→ About this task
Across the entries that follow, tally every line holding the word "forall" and reply with the count alone.

→ Stored items
(* Let $\beta>1$, $n\in\mathbb{N}$, $C_\beta=2+\frac{2(\beta-1)^2}{2\beta-1}$ and $$h(t,\tau)=2\big(nt-\tau|\tau|^{\beta-1}\big)^2-C_\beta(t-\tau)\big(n^2t-\tau|\tau|^{2(\beta-1)}\big).$$ Then $h(t,\tau)\le0$ for all real $t,\tau$ with $|t|>n^{1/(\beta-1)}$ and $|\tau|\le n^{1/(\beta-1)}$. *)

From Stdlib Require Import Reals.
Open Scope R_scope.

(* Real power x^y for x >= 0 and y > 0, with the convention 0^y = 0
   (Stdlib's Rpower 0 y = exp (y * ln 0) = 1 would be wrong at 0). *)
Definition rpow (x y : R) : R := if Req_EM_T x 0 then 0 else Rpower x y.

Definition C_beta (beta : R) : R := 2 + 2 * (beta - 1) ^ 2 / (2 * beta - 1).

Definition h (beta : R) (n : nat) (t tau : R) : R :=
  2 * (INR n * t - tau * rpow (Rabs tau) (beta - 1)) ^ 2
  - C_beta beta * (t - tau) *
    (INR n ^ 2 * t - tau * rpow (Rabs tau) (2 * (beta - 1))).

From Stdlib Require Import Reals Lra Psatz.
From Coquelicot Require Import Coquelicot.
Open Scope R_scope.

(* Write a = beta - 1, N = n^(1/a), p = |tau|^a and C_beta = 2 + D.  Since
   h(-t,-tau) = h(t,tau) we may take t >= N, and then
     N h(t,tau) = t E + D (t - N) (tau^2 p^2 - N n^2 t)
   where E = h(N,tau) and the last term is nonpositive, so it suffices to
   show E <= 0.  For tau <= 0 this is a sign check; for 0 < tau <= N the scaling
   v = tau/N turns it into (2a+1) v (1 - v^a)^2 <= a^2 (1 - v) (1 - v^(2a+1)),
   which at v = exp(-w) is (a+1)^2 cosh(a w) <= a^2 cosh((a+1) w) + 2a + 1,
   an inequality proved by differentiating twice. *)

Lemma le_of_derive_nonneg (f df : R -> R) (a b : R) :
  a <= b ->
  (forall x, a <= x <= b -> is_derive f x (df x)) ->
  (forall x, a <= x <= b -> 0 <= df x) ->
  f a <= f b.
Proof.
  intros hab hd hdf.
  destruct (MVT_gen f a b df) as [c [hc hmvt]];
    rewrite ?Rmin_left, ?Rmax_right in * by lra.
  - intros x hx; apply hd; lra.
  - intros x hx; apply continuity_pt_filterlim,
      (ex_derive_continuous (K := R_AbsRing) (V := R_NormedModule)).
    eexists; apply hd; lra.
  - assert (0 <= df c * (b - a)) by (apply Rmult_le_pos; [apply hdf|]; lra).
    lra.
Qed.

Lemma is_derive_cosh x : is_derive cosh x (sinh x).
Proof. apply is_derive_Reals, derivable_pt_lim_cosh. Qed.

Lemma sinh_nonneg x : 0 <= x -> 0 <= sinh x.
Proof.
  intros [hx | <-]; [left; rewrite <- sinh_0; now apply sinh_lt |].
  rewrite sinh_0; lra.
Qed.

Lemma cosh_le x y : 0 <= x <= y -> cosh x <= cosh y.
Proof.
  intros hxy; apply (le_of_derive_nonneg _ sinh); try lra.
  - intros z _; apply is_derive_cosh.
  - intros z hz; apply sinh_nonneg; lra.
Qed.

Lemma sinh_scale_le a w : 0 < a -> 0 <= w ->
  (a + 1) * sinh (a * w) <= a * sinh ((a + 1) * w).
Proof.
  intros ha hw.
  set (f w := a * sinh ((a + 1) * w) - (a + 1) * sinh (a * w)).
  enough (f 0 <= f w) by (unfold f in *; rewrite !Rmult_0_r, sinh_0 in *; lra).
  apply (le_of_derive_nonneg _ (fun w => a * (a + 1) * (cosh ((a + 1) * w) - cosh (a * w))));
    [lra | |].
  - intros x _; unfold f, sinh, cosh; auto_derive; [easy | field].
  - intros x hx; apply Rmult_le_pos; [nra|].
    assert (cosh (a * x) <= cosh ((a + 1) * x)) by (apply cosh_le; nra); lra.
Qed.

Lemma cosh_scale_le a w : 0 < a -> 0 <= w ->
  (a + 1) ^ 2 * cosh (a * w) <= a ^ 2 * cosh ((a + 1) * w) + (2 * a + 1).
Proof.
  intros ha hw.
  set (f w := a ^ 2 * cosh ((a + 1) * w) + (2 * a + 1) - (a + 1) ^ 2 * cosh (a * w)).
  enough (f 0 <= f w) by (unfold f in *; rewrite !Rmult_0_r, cosh_0 in *; lra).
  apply (le_of_derive_nonneg _
           (fun w => a * (a + 1) * (a * sinh ((a + 1) * w) - (a + 1) * sinh (a * w))));
    [lra | |].
  - intros x _; unfold f, sinh, cosh; auto_derive; [easy | field].
  - intros x hx; apply Rmult_le_pos; [nra|].
    assert (H := sinh_scale_le a x ha (proj1 hx)); lra.
Qed.

Lemma power_gap_le a v : 0 < a -> 0 < v <= 1 ->
  (2 * a + 1) * v * (1 - Rpower v a) ^ 2
  <= a ^ 2 * (1 - v) * (1 - v * Rpower v a ^ 2).
Proof.
  intros ha hv.
  set (w := - ln v); set (y := Rpower v a).
  assert (hw : 0 <= w).
  { unfold w; destruct (Req_dec v 1) as [-> | hv1]; [rewrite ln_1; lra |].
    enough (ln v < ln 1) by (rewrite ln_1 in *; lra); apply ln_increasing; lra. }
  assert (hy : 0 < y) by (unfold y; apply exp_pos).
  assert (e1 : exp (- (a * w)) = y) by (unfold y, Rpower, w; f_equal; ring).
  assert (e2 : exp (- ((a + 1) * w)) = v * y).
  { rewrite <- e1, <- (exp_ln v) at 1 by lra; rewrite <- exp_plus; f_equal; unfold w; ring. }
  assert (e3 : exp (a * w) = / y) by (rewrite <- e1, <- exp_Ropp, Ropp_involutive; easy).
  assert (e4 : exp ((a + 1) * w) = / (v * y))
    by (rewrite <- e2, <- exp_Ropp, Ropp_involutive; easy).
  assert (H := cosh_scale_le a w ha hw); unfold cosh in H.
  rewrite e1, e2, e3, e4 in H.
  assert (a ^ 2 * (1 - v) * (1 - v * y ^ 2) - (2 * a + 1) * v * (1 - y) ^ 2
          = 2 * (v * y) * (a ^ 2 * ((/ (v * y) + v * y) / 2) + (2 * a + 1)
                           - (a + 1) ^ 2 * ((/ y + y) / 2))) by (field; lra).
  assert (0 <= v * y) by nra.
  nra.
Qed.

Lemma rpow_nonneg x e : 0 <= rpow x e.
Proof. unfold rpow; destruct Req_EM_T; [lra | left; apply exp_pos]. Qed.

Lemma rpow_pos x e : 0 < x -> rpow x e = Rpower x e.
Proof. intros hx; unfold rpow; destruct Req_EM_T; [lra | easy]. Qed.

Lemma rpow_0_l e : rpow 0 e = 0.
Proof. unfold rpow; destruct Req_EM_T; [easy | lra]. Qed.

Lemma rpow_plus x e f : rpow x (e + f) = rpow x e * rpow x f.
Proof. unfold rpow; destruct Req_EM_T; [ring | apply Rpower_plus]. Qed.

Lemma rpow_rpow x e f : 0 <= x -> rpow (rpow x e) f = rpow x (e * f).
Proof.
  intros [hx | <-]; [| now rewrite !rpow_0_l].
  rewrite (rpow_pos x e), rpow_pos, Rpower_mult, rpow_pos; auto; apply exp_pos.
Qed.

Lemma rpow_1 x : 0 <= x -> rpow x 1 = x.
Proof. intros [hx | <-]; [rewrite rpow_pos; auto; apply Rpower_1 | apply rpow_0_l]; auto. Qed.

Lemma rpow_le_compat x y e : 0 <= x <= y -> 0 <= e -> rpow x e <= rpow y e.
Proof.
  intros [[hx | <-] hxy] he; [| rewrite rpow_0_l; apply rpow_nonneg].
  rewrite !rpow_pos by lra; apply Rle_Rpower_l; lra.
Qed.

(* Equivalent to h(N, tau) <= 0, the boundary case of the theorem. *)
Lemma endpoint_le a N tau : 0 < a -> 0 <= N -> Rabs tau <= N ->
  2 * N * tau * (rpow N a - rpow (Rabs tau) a) ^ 2
  <= 2 * a ^ 2 / (2 * a + 1) * (N - tau)
     * (N * rpow N a ^ 2 - tau * rpow (Rabs tau) a ^ 2).
Proof.
  intros ha hN htau.
  set (n := rpow N a); set (p := rpow (Rabs tau) a).
  assert (hp : 0 <= p <= n)
    by (split; [apply rpow_nonneg | apply rpow_le_compat; [split; [apply Rabs_pos|] |]; lra]).
  assert (hD : 0 < 2 * a ^ 2 / (2 * a + 1)) by (apply Rdiv_lt_0_compat; nra).
  destruct (Rle_or_lt tau 0) as [htau0 | htau0].
  - assert (0 <= (n - p) ^ 2) by apply pow2_ge_0.
    assert (N * tau <= 0) by nra.
    assert (2 * N * tau * (n - p) ^ 2 <= 0) by nra.
    assert (0 <= N * n ^ 2 - tau * p ^ 2) by nra.
    assert (0 <= 2 * a ^ 2 / (2 * a + 1) * (N - tau)) by nra.
    nra.
  - rewrite Rabs_right in htau by lra.
    set (v := tau / N); set (y := Rpower v a).
    assert (hv : 0 < v <= 1).
    { unfold v; split; [apply Rdiv_lt_0_compat; lra |].
      apply Rmult_le_reg_r with N; [lra|]; field_simplify; lra. }
    assert (htau_v : tau = v * N) by (unfold v; field; lra).
    assert (hp_y : p = y * n).
    { unfold p, n, y; rewrite Rabs_right, !rpow_pos, Rpower_mult_distr, <- htau_v; lra. }
    assert (H := power_gap_le a v ha hv); fold y in H.
    rewrite hp_y, htau_v.
    set (c := 2 * N ^ 2 * n ^ 2 / (2 * a + 1)).
    assert (0 <= c) by (unfold c; apply Rmult_le_pos; [nra | left; apply Rinv_0_lt_compat; lra]).
    replace (2 * N * (v * N) * (n - y * n) ^ 2)
      with (c * ((2 * a + 1) * v * (1 - y) ^ 2)) by (unfold c; field; lra).
    replace (2 * a ^ 2 / (2 * a + 1) * (N - v * N) * (N * n ^ 2 - v * N * (y * n) ^ 2))
      with (c * (a ^ 2 * (1 - v) * (1 - v * y ^ 2))) by (unfold c; field; lra).
    apply Rmult_le_compat_l; assumption.
Qed.

(* [h] with [|tau|^(beta-1)] abstracted to [p] and [C_beta] written [2 + D]. *)
Definition hpoly (D n p t tau : R) : R :=
  2 * (n * t - tau * p) ^ 2 - (2 + D) * (t - tau) * (n ^ 2 * t - tau * p ^ 2).

Lemma hpoly_opp D n p t tau : hpoly D n p (- t) (- tau) = hpoly D n p t tau.
Proof. unfold hpoly; ring. Qed.

Lemma hpoly_nonpos D N n p t tau : 0 <= D -> 0 <= N <= t -> Rabs tau <= N ->
  0 <= p <= n ->
  2 * N * tau * (n - p) ^ 2 <= D * (N - tau) * (N * n ^ 2 - tau * p ^ 2) ->
  hpoly D n p t tau <= 0.
Proof.
  intros hD hN htau hp hend.
  destruct (Req_dec N 0) as [hN0 | hN0].
  - assert (tau = 0)
      by (pose proof (Rle_abs tau); pose proof (Rle_abs (- tau)); rewrite Rabs_Ropp in *; lra).
    subst; replace (hpoly D n p t 0) with (- (D * (n * t) ^ 2)) by (unfold hpoly; ring).
    assert (0 <= D * (n * t) ^ 2) by (apply Rmult_le_pos; [| apply pow2_ge_0]; lra).
    lra.
  - assert (hNn : Rabs tau * p <= N * n) by (apply Rmult_le_compat; try apply Rabs_pos; lra).
    assert (htp : (tau * p) ^ 2 <= N * n ^ 2 * t).
    { rewrite <- pow2_abs, Rabs_mult, (Rabs_right p) by lra.
      assert ((Rabs tau * p) ^ 2 <= (N * n) ^ 2)
        by (apply pow_incr; split; [apply Rmult_le_pos; [apply Rabs_pos | lra] | lra]).
      nra. }
    assert (hid : N * hpoly D n p t tau
                  = t * (2 * N * tau * (n - p) ^ 2 - D * (N - tau) * (N * n ^ 2 - tau * p ^ 2))
                    + D * (t - N) * ((tau * p) ^ 2 - N * n ^ 2 * t)) by (unfold hpoly; ring).
    assert (t * (2 * N * tau * (n - p) ^ 2 - D * (N - tau) * (N * n ^ 2 - tau * p ^ 2)) <= 0)
      by (apply Rmult_le_0_l; lra).
    assert (D * (t - N) * ((tau * p) ^ 2 - N * n ^ 2 * t) <= 0)
      by (apply Rmult_le_0_l; [apply Rmult_le_pos |]; lra).
    assert (0 < N) by lra.
    nra.
Qed.

Lemma hpoly_rpow_nonpos a N t tau : 0 < a -> 0 <= N <= t -> Rabs tau <= N ->
  hpoly (2 * a ^ 2 / (2 * a + 1)) (rpow N a) (rpow (Rabs tau) a) t tau <= 0.
Proof.
  intros ha hN htau.
  apply (hpoly_nonpos _ N); auto.
  - apply Rmult_le_pos; [nra | left; apply Rinv_0_lt_compat; lra].
  - split; [apply rpow_nonneg | apply rpow_le_compat; [split; [apply Rabs_pos|] |]; lra].
  - apply endpoint_le; lra.
Qed.

Lemma h_eq_hpoly beta n t tau :
  h beta n t tau
  = hpoly (2 * (beta - 1) ^ 2 / (2 * (beta - 1) + 1)) (INR n)
          (rpow (Rabs tau) (beta - 1)) t tau.
Proof.
  unfold h, hpoly, C_beta.
  replace (2 * (beta - 1)) with ((beta - 1) + (beta - 1)) by ring.
  rewrite rpow_plus; f_equal; f_equal; f_equal; [f_equal; f_equal; ring | ring].
Qed.

Theorem lemma4p1 (beta : R) (n : nat) (t tau : R) :
  1 < beta ->
  rpow (INR n) (1 / (beta - 1)) < Rabs t ->
  Rabs tau <= rpow (INR n) (1 / (beta - 1)) ->
  h beta n t tau <= 0.
Proof.
  intros hb ht htau.
  rewrite h_eq_hpoly.
  set (a := beta - 1) in *; set (N := rpow (INR n) (1 / a)) in *.
  assert (ha : 0 < a) by (unfold a; lra).
  assert (hN : 0 <= N) by apply rpow_nonneg.
  assert (hn : rpow N a = INR n).
  { unfold N; rewrite rpow_rpow, <- rpow_1 by apply pos_INR; f_equal; field; lra. }
  rewrite <- hn.
  destruct (Rle_or_lt 0 t) as [ht0 | ht0].
  - rewrite Rabs_right in ht by lra.
    apply hpoly_rpow_nonpos; lra.
  - rewrite Rabs_left in ht by lra.
    rewrite <- hpoly_opp, <- Rabs_Ropp.
    apply hpoly_rpow_nonpos; rewrite ?Rabs_Ropp; lra.
Qed.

→ Expected answer
2